Omdat Deurne zich niet aan de verplichting houdt bij vervening voldoende grauwveen achter te laten, is ontginning tot goede cultuurgrond duurder dan financieel verantwoord. Maar omdat werkloze peelwerkers anders toch door de gemeente moeten worden onderhouden worden ze nu ingezet bij ontginningen. Ontgonnen grond uitgeven aan de eigen boeren blijkt geen succes. Ook bij pacht moet op eigen kosten een boerderij gebouwd worden en de boeren uit Deurne kunnen het kapitaal daarvoor niet opbrengen. Veel van de ontgonnen grond gaat tegen lage pachtprijzen naar boeren van soms ver buiten de gemeente, die dit als een buitenkans zien maar zich onvoldoende bewust zijn van de landbouwkundige hindernissen van het gebied. De crisis van de jaren dertig betekent voor hen vaak de nekslag. Hun boerderijen, vaak herkenbaar aan de ‘vreemde’ bouwstijl, komen bij faillissement meestal in handen van inwoners van Deurne.

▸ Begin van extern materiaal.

(* Let $A$ be a finite tree rooted at $e$, with all arcs directed from the root towards the leaves, let $R\subseteq V(A)$ be a set of destinations containing all leaves of $A$, and let $D\subseteq V(A)$. Let $u\neq e$ be a vertex of $A$ having exactly one child $u_1$, and let $(b,d,\mathrm{load})$ be the window of the solution $\mathcal{S}(D)$ on the arc $a^{u_1}$. Then the window of $\mathcal{S}(D)$ on the arc $a^{u}$ is \[ \begin{cases} (1,\ d+1,\ \mathrm{load}+1) & \text{if } u\in D,\\ (b+1,\ d,\ \mathrm{load}+b+1) & \text{if } u\notin D \text{ and } u\in R,\\ (b,\ d,\ \mathrm{load}+b) & \text{if } u\notin D \text{ and } u\notin R. \end{cases} \]
   Context: Setting (multicast with diffusing nodes): $A$ is a multicast tree for a request $(e,R)$: a tree rooted at the source $e$, arcs directed away from $e$, whose leaves lie in the destination set $R$. A set $D\subseteq V(A)$ is a set of diffusing (branching) nodes. The solution $\mathcal{S}(D)$ is a set of directed paths in $A$ such that: every node of $R$ is the final extremity of exactly one path; every node of $D$ is the final extremity of at most one path; the origin of each path is either $e$ or a node of $D$ which is itself the final extremity of some path; a node of $D$ lies on a path only as its origin or final extremity. As in the paper, $\mathcal{S}(D)$ is taken to be the solution in which each vertex $x\neq e$ of $R\cup D$ is the final extremity of exactly one path, whose origin is the nearest proper ancestor of $x$ belonging to $D\cup\{e\}$. For a vertex $u$, $A^u$ is the subtree of $A$ rooted at $u$, and for $u\neq e$, $a^u$ is the arc joining the parent of $u$ to $u$. The path number $\mathrm{pn}(u)$ is the number of paths of $\mathcal{S}(D)$ that pass through $u$ or terminate at $u$ (equivalently, that use the arc $a^u$). The window of $\mathcal{S}(D)$ on arc $a^u$ is the triple $(\mathrm{pn}(u),\ |D\cap V(A^u)|,\ \mathrm{load})$, where $\mathrm{load}=\sum_{w\in V(A^u)}\mathrm{pn}(w)$ is the load of $\mathcal{S}(D)$ in $A^u$, i.e. the number of pairs (path, arc) with the path using the arc, over the arcs of $A^u$ together with $a^u$. *)

From mathcomp Require Import all_boot.
Set Implicit Arguments. Unset Strict Implicit. Unset Printing Implicit Defensive.

(* A rooted tree on the vertex set T (a finType): root e, parent map p
   with p e = e (dummy value); the arcs are (p v, v) for v <> e,
   directed away from the root. *)

Section Tree.
Variables (T : finType) (e : T) (p : T -> T).

Definition anc (y x : T) : bool := connect (frel p) x y.

Definition panc (y x : T) : bool := (x != e) && anc y (p x).

Definition is_rooted_tree : Prop := p e = e /\ forall x, anc e x.

Definition is_child (v u : T) : bool := (v != e) && (p v == u).

Definition is_leaf (v : T) : bool := [forall w, ~~ is_child w v].

Definition subtree (u : T) : {set T} := [set w | anc u w].

Variables (D R : {set T}).

Definition is_origin (o x : T) : bool :=
  [&& o \in D :|: [set e], panc o x &
      [forall z, ((z \in D :|: [set e]) && panc z x) ==> anc z o]].

(* pn w : number of paths of S(D) using the arc a^w.  The paths of S(D)
   are indexed by their final extremities x ∈ (R ∪ D) \ {e}; the path of x
   goes from its origin to x, and uses a^w iff w lies on it and is not its
   origin. *)
Definition pn (w : T) : nat :=
  #|[set x | [&& x \in R :|: D, x != e, anc w x &
               [exists o, is_origin o x && panc o w]]]|.

Definition load (u : T) : nat := \sum_(w in subtree u) pn w.

Definition window (u : T) : nat * nat * nat :=
  (pn u, #|D :&: subtree u|, load u).

End Tree.

From mathcomp Require Import all_boot.
Set Implicit Arguments. Unset Strict Implicit.

(* When u has the single child u1, the subtree A^u is A^{u1} plus u, and the
   paths crossing a^u are those crossing a^{u1} plus possibly the path ending
   at u -- unless u is diffusing, in which case the paths below u start at u
   and only the path ending at u crosses a^u. *)

Section RootedTree.
Variables (T : finType) (e : T) (p : T -> T).
Hypothesis tree : is_rooted_tree e p.

Lemma ancP y x : reflect (exists n, iter n p x = y) (anc p y x).
Proof.
apply: (iffP idP) => [anc_yx | [n <-]]; last exact: fconnect_iter.
by exists (findex p x y); exact: iter_findex.
Qed.

Lemma anc_refl x : anc p x x. Proof. exact: connect0. Qed.

Lemma anc_parent x : anc p (p x) x. Proof. by apply/ancP; exists 1. Qed.

Lemma anc_trans x y z : anc p y x -> anc p z y -> anc p z x.
Proof. exact: connect_trans. Qed.

Lemma anc_eq_or_parent y x : anc p y x -> x = y \/ anc p y (p x).
Proof.
case/ancP=> [[|n] iter_xy]; first by left.
by right; apply/ancP; exists n; rewrite -iterSr.
Qed.

Lemma iter_root n : iter n p e = e.
Proof. by apply: iter_fix; case: tree. Qed.

(* A periodic point is eventually mapped to e, hence equal to e. *)
Lemma periodic_root n x : iter n.+1 p x = x -> x = e.
Proof.
move=> per_x; case: tree => _ /(_ x) /ancP [k depth_x].
have k_le : k <= k * n.+1 by rewrite leq_pmulr.
have := iter_fix k per_x; rewrite -iterM -(subnK k_le) iterD depth_x.
by rewrite iter_root => ->.
Qed.

Lemma anc_antisym x y : anc p x y -> anc p y x -> x = y.
Proof.
case/ancP=> [[|n] iter_yx] /ancP [m iter_xy]; first by [].
have x_e : x = e by apply: (@periodic_root (n + m)); rewrite -addSn iterD iter_xy.
by rewrite -iter_xy x_e iter_root.
Qed.

Lemma anc_parentN x : x != e -> ~~ anc p x (p x).
Proof.
move=> /eqP x_ne_e; apply/negP => /anc_antisym/(_ (anc_parent x)) px_x.
by apply: x_ne_e; apply: (@periodic_root 0).
Qed.

Variables D R : {set T}.

Definition users (w : T) : {set T} :=
  [set x | [&& x \in R :|: D, x != e, anc p w x &
              [exists o, is_origin e p D o x && panc e p o w]]].

Lemma pnE w : pn e p D R w = #|users w|. Proof. by []. Qed.

Lemma origin_exists x : x != e -> exists o, is_origin e p D o x.
Proof.
case: tree => _ /(_ x) /ancP [n]; elim: n x => [|n IHn] x /= depth_x x_ne_e.
  by rewrite depth_x eqxx in x_ne_e.
case px_stop : (p x \in D :|: [set e]).
  exists (p x); rewrite /is_origin px_stop /panc x_ne_e anc_refl /=.
  by apply/forallP => z; apply/implyP => /andP [_ ->].
have px_ne_e : p x != e by apply: contraFneq px_stop => ->; rewrite !inE eqxx orbT.
have depth_px : iter n p (p x) = e by rewrite -iterSr.
have [o /and3P [o_stop o_panc /forallP o_max]] := IHn (p x) depth_px px_ne_e.
exists o; rewrite /is_origin o_stop /panc x_ne_e /=.
apply/andP; split; first by apply: anc_trans (anc_parent _) _; case/andP: o_panc.
apply/forallP => z; apply/implyP => /andP [z_stop /anc_eq_or_parent z_anc].
apply: (implyP (o_max z)); rewrite z_stop /panc px_ne_e /=.
by case: z_anc => // z_px; rewrite -z_px px_stop in z_stop.
Qed.

Lemma origin_panc o x : is_origin e p D o x -> panc e p o x.
Proof. by case/and3P. Qed.

Lemma panc_notin_D o w :
  w \notin D -> w != e -> o \in D :|: [set e] -> panc e p o w = anc p o w.
Proof.
move=> w_notin_D w_ne_e o_stop; rewrite /panc w_ne_e /=.
apply/idP/idP => [|/anc_eq_or_parent [w_o|//]]; first exact: anc_trans (anc_parent w).
by rewrite -w_o !inE (negbTE w_notin_D) (negbTE w_ne_e) in o_stop.
Qed.

Lemma mem_users_self w : w != e -> (w \in users w) = (w \in R :|: D).
Proof.
move=> w_ne_e; rewrite !inE w_ne_e anc_refl /=; apply/andb_idr => _.
have [o o_orig] := origin_exists w_ne_e.
by apply/existsP; exists o; rewrite o_orig origin_panc.
Qed.

(* A path crossing a^w below a diffusing w would have an origin strictly
   above w although w is a nearer candidate. *)
Lemma users_in_D w : w \in D -> w != e -> users w = [set w].
Proof.
move=> w_in_D w_ne_e; apply/setP => x; rewrite inE.
have [-> | x_ne_w] := eqVneq x w; first by rewrite mem_users_self // inE w_in_D orbT.
apply/negbTE/negP; rewrite inE => /and4P [_ x_ne_e anc_wx /existsP [o /andP [o_orig o_panc]]].
case: (anc_eq_or_parent anc_wx) => [x_w | anc_wpx]; first by rewrite x_w eqxx in x_ne_w.
case/and3P: o_orig => _ _ /forallP /(_ w) /implyP.
rewrite !inE w_in_D /panc x_ne_e anc_wpx => /(_ isT) anc_wo.
case/andP: o_panc => _ anc_opw.
by move: (anc_parentN w_ne_e); rewrite (anc_trans anc_opw anc_wo).
Qed.

End RootedTree.

Section UniqueChild.
Variables (T : finType) (e : T) (p : T -> T) (D R : {set T}) (u u1 : T).
Hypothesis tree : is_rooted_tree e p.
Hypothesis u_ne_e : u != e.
Hypothesis unique_child : forall v, is_child e p v u = (v == u1).

Lemma unique_child_parent : (u1 != e) /\ p u1 = u.
Proof. by have := unique_child u1; rewrite eqxx => /andP [-> /eqP]. Qed.

Lemma anc_unique_child w : anc p u w = (w == u) || anc p u1 w.
Proof.
apply/idP/idP => [/ancP [n] | /orP [/eqP -> | anc_u1w]]; last 2 first.
- exact: anc_refl.
- by apply: anc_trans anc_u1w _; case: unique_child_parent => _ <-; exact: anc_parent.
elim: n w => [|n IHn] w /= iter_wu; first by rewrite iter_wu eqxx.
have [-> // | w_ne_u] := eqVneq w u; apply/orP; right.
have [pw_u | pw_ne_u] := eqVneq (p w) u.
  have w_ne_e : w != e by apply: contra_neq u_ne_e => w_e; rewrite -pw_u w_e; case: tree.
  have : is_child e p w u by rewrite /is_child w_ne_e pw_u eqxx.
  by rewrite unique_child => /eqP ->; exact: anc_refl.
apply: anc_trans (anc_parent p w) _.
by move: (IHn (p w)); rewrite -iterSr (negbTE pw_ne_u) => /(_ iter_wu).
Qed.

Lemma unique_child_ancN : ~~ anc p u1 u.
Proof.
apply/negP => anc_u1u; case: unique_child_parent => u1_ne_e pu1.
have anc_uu1 : anc p u u1 by rewrite -pu1; exact: anc_parent.
by move: (anc_parentN tree u1_ne_e); rewrite pu1 (anc_antisym tree anc_u1u anc_uu1) anc_refl.
Qed.

Lemma subtree_unique_child : subtree p u = u |: subtree p u1.
Proof. by apply/setP => w; rewrite !inE anc_unique_child. Qed.

Lemma notin_subtree_child : u \notin subtree p u1.
Proof. by rewrite inE unique_child_ancN. Qed.

Lemma users_notin_D : u \notin D -> users e p D R u :\ u = users e p D R u1.
Proof.
move=> u_notin_D; case: unique_child_parent => u1_ne_e pu1.
apply/setP => x; rewrite !inE anc_unique_child.
have [-> | x_ne_u] := eqVneq x u; first by rewrite (negbTE unique_child_ancN) !andbF.
case: (anc p u1 x); rewrite ?andbF //=; congr [&& _, _ & _].
apply/existsP/existsP => -[o /andP [o_orig o_panc]]; exists o; rewrite o_orig /=;
  have o_stop : o \in D :|: [set e] by case/and3P: o_orig.
- by rewrite /panc u1_ne_e pu1 -(panc_notin_D p u_notin_D u_ne_e o_stop).
- by move: o_panc; rewrite /panc u1_ne_e pu1 -(panc_notin_D p u_notin_D u_ne_e o_stop).
Qed.

Lemma pn_unique_child :
  pn e p D R u = if u \in D then 1 else (u \in R) + pn e p D R u1.
Proof.
rewrite !pnE; case: ifPn => [u_in_D | u_notin_D].
  by rewrite users_in_D ?cards1.
rewrite (cardsD1 u) mem_users_self // -users_notin_D // !inE.
by rewrite (negbTE u_notin_D) orbF.
Qed.

Lemma load_unique_child : load e p D R u = pn e p D R u + load e p D R u1.
Proof. by rewrite /load subtree_unique_child big_setU1 //= notin_subtree_child. Qed.

Lemma card_D_subtree_unique_child :
  #|D :&: subtree p u| = (u \in D) + #|D :&: subtree p u1|.
Proof.
rewrite subtree_unique_child setIUr; case: (boolP (u \in D)) => [u_in_D | u_notin_D].
  by rewrite (setIidPr _) ?sub1set // cardsU1 in_setI (negbTE notin_subtree_child) andbF.
suff -> : D :&: [set u] = set0 by rewrite set0U.
by apply/setP => x; rewrite !inE; case: eqP => [->|]; rewrite ?(negbTE u_notin_D) ?andbF.
Qed.

End UniqueChild.

Theorem lemma1 (T : finType) (e : T) (p : T -> T) (R D : {set T})
  (Htree : is_rooted_tree e p)
  (HR : forall v, is_leaf e p v -> v \in R)
  (u u1 : T) (Hu : u != e)
  (Hchild : forall v, is_child e p v u = (v == u1)) :
  let: (b, d, ld) := window e p D R u1 in
  window e p D R u =
    if u \in D then (1, d.+1, ld.+1)
    else if u \in R then (b.+1, d, ld + b.+1)
    else (b, d, ld + b).
Proof.
rewrite /window /= (load_unique_child D R Htree Hu Hchild).
rewrite (card_D_subtree_unique_child D Htree Hu Hchild) (pn_unique_child D R Htree Hu Hchild).
by case: (u \in D); case: (u \in R); rewrite /= ?add0n ?add1n // addnC.
Qed.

Verslag van de Commissaris van de Koningin, na een bezoek aan Deurne op 6 april 1907
Aan den burgemeester verweet ik nog weer zijn goede hart; terwijl hij niet tegen den secretaris alleen op kon, had hij diens zoon op de secretarie geplaatst, en nu ook al weer den zoon van den gemeente-ontvanger; het moest op die manier in Deurne wel eene familieregeering worden. De burgemeester beloofde mij, dat het beheer der veenexploitatie overeenkomstig mijne aanwijzingen zou worden gevoerd, en dat de zaken geregeld en behoorlijk door een bekwamen accountant zouden worden gecontroleerd.

Door zware lasten en sterk dalende inkomsten is de gemeente spoedig vrijwel failliet. Kortzichtigheid blijkt niet tijdgebonden. Na de veenexploitatie van Deurne komt de steenkooldelving in Limburg en de aardgaswinning onder Groningen. ‘De baat gaat voor de kost’ blijkt ook dan het credo.